On 6/24/10, Matthew Lear <matt@bubblegen.co.uk> wrote:
> On Thu, 2010-06-24 at 11:15 -0700, Jeremy Chadwick wrote:
>> On Thu, Jun 24, 2010 at 06:52:14PM +0100, Matthew Lear wrote:
>> > On Tue, 2010-06-22 at 20:04 +0100, Bob Bishop wrote:
>> > > Hi,
>> > >
>> > > On 22 Jun 2010, at 08:45, Jeremy Chadwick wrote:
>> > >
>> > > > On Mon, Jun 21, 2010 at 10:33:12PM +0100, Matthew Lear wrote:
>> > > >> [tale of woe elided]
>> > > >
>> > > > I don't really have any other thoughts on the matter, sadly.

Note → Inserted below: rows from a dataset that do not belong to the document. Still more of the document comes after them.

(* Assume Ostaszewski's $\clubsuit$-principle. Then for every natural number $n\geq 2$ there is an $\omega_1$-$n$-gap over $\omega$, i.e. an $n$-gap $(\mathcal{L}_i:i<n)$ of families of subsets of $\omega$ such that each $(\mathcal{L}_i,\subseteq^* )$ is order-isomorphic to $(\omega_1,<)$.
   Context: $A\subseteq^*B$ means $A\setminus B$ is finite. A tuple $(\mathcal{L}_i:i<n)$ of families of subsets of $\omega$ is a pregap if $L\cap L'$ is finite whenever $L\in\mathcal{L}_i$, $L'\in\mathcal{L}_j$, $i\neq j$; $c:n\to\mathscr{P}(\omega)$ separates it if $L\subseteq^*c(i)$ for all $i<n$ and $L\in\mathcal{L}_i$, and $\bigcap_{i<n}c(i)$ is finite; an $n$-gap is a pregap with no separating $c$. $\clubsuit$: there is a sequence $\langle C_\delta:\delta\in\mathrm{Lim}\rangle$ ($\mathrm{Lim}$ = nonzero countable limit ordinals) with $C_\delta\subseteq\delta$ of order type $\omega$ and $\sup C_\delta=\delta$ such that for every uncountable $S\subseteq\omega_1$ the set $\{\delta:C_\delta\subseteq S\}$ is stationary. *)

From mathcomp Require Import all_boot.
From mathcomp Require Import boolp classical_sets cardinality.
Set Implicit Arguments. Unset Strict Implicit. Unset Printing Implicit Defensive.
Local Open Scope classical_set_scope.

(* (W, lt) is (isomorphic to) (omega_1, <): a strict well-order which is
   uncountable and all of whose proper initial segments are countable. *)
Record is_omega1 (W : Type) (lt : W -> W -> Prop) : Prop := {
  o1_irrefl : forall x, ~ lt x x;
  o1_trans  : forall x y z, lt x y -> lt y z -> lt x z;
  o1_total  : forall x y, lt x y \/ x = y \/ lt y x;
  o1_wf     : well_founded lt;
  o1_uncountable : ~ countable (@setT W);
  o1_segments_countable : forall a, countable [set x | lt x a] }.

Definition is_limit (W : Type) (lt : W -> W -> Prop) (d : W) : Prop :=
  (exists b, lt b d) /\ (forall b, lt b d -> exists g, lt b g /\ lt g d).

Definition unbounded (W : Type) (lt : W -> W -> Prop) (C : set W) : Prop :=
  forall a, exists b, C b /\ lt a b.

Definition closed_set (W : Type) (lt : W -> W -> Prop) (C : set W) : Prop :=
  forall d, is_limit lt d ->
    (forall b, lt b d -> exists g, C g /\ lt b g /\ lt g d) -> C d.

Definition club (W : Type) (lt : W -> W -> Prop) (C : set W) : Prop :=
  closed_set lt C /\ unbounded lt C.

Definition stationary (W : Type) (lt : W -> W -> Prop) (S : set W) : Prop :=
  forall C, club lt C -> exists x, S x /\ C x.

Definition order_type_omega (W : Type) (lt : W -> W -> Prop) (C : set W) : Prop :=
  exists g : nat -> W, (forall m k, (m < k)%N -> lt (g m) (g k)) /\ C = range g.

Definition clubsuit (W : Type) (lt : W -> W -> Prop) : Prop :=
  exists Cseq : W -> set W,
    (forall d, is_limit lt d ->
       [/\ Cseq d `<=` [set x | lt x d],
           order_type_omega lt (Cseq d) &
           (forall b, lt b d -> exists g, Cseq d g /\ lt b g)]) /\
    (forall S : set W, ~ countable S ->
       stationary lt [set d | is_limit lt d /\ Cseq d `<=` S]).

Definition subset_star (A B : set nat) : Prop := finite_set (A `\` B).

Definition pregap (n : nat) (L : 'I_n -> set (set nat)) : Prop :=
  forall (i j : 'I_n) (A B : set nat), i != j -> L i A -> L j B ->
    finite_set (A `&` B).

Definition separates (n : nat) (L : 'I_n -> set (set nat)) (c : 'I_n -> set nat) : Prop :=
  (forall (i : 'I_n) (A : set nat), L i A -> subset_star A (c i)) /\
  finite_set (\bigcap_(i in @setT 'I_n) c i).

Definition ngap (n : nat) (L : 'I_n -> set (set nat)) : Prop :=
  pregap L /\ ~ exists c, separates L c.

Definition order_iso_star (W : Type) (lt : W -> W -> Prop) (F : set (set nat)) : Prop :=
  exists f : W -> set nat,
    (forall a, F (f a)) /\ (forall A, F A -> exists a, f a = A) /\
    (forall a b, (lt a b \/ a = b) <-> subset_star (f a) (f b)).

From mathcomp Require Import all_boot.
From mathcomp Require Import boolp classical_sets cardinality.
From mathcomp Require Import zify.
Set Implicit Arguments. Unset Strict Implicit. Unset Printing Implicit Defensive.
Local Open Scope classical_set_scope.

>> > > > [helpful suggestions elided]
>> > > >
>> > > > Anyone else have ideas/recommendations?
>> > >
>> > > The disks sure look OK. I wouldn't rule out the controller(s), I've
>> > > had various chipsets fail in odd ways.
>> > >
>> >
>> > Thanks Bob. I think we all thought the same.
>> > I've actually just rebooted the machine and FreeBSD no longer boots.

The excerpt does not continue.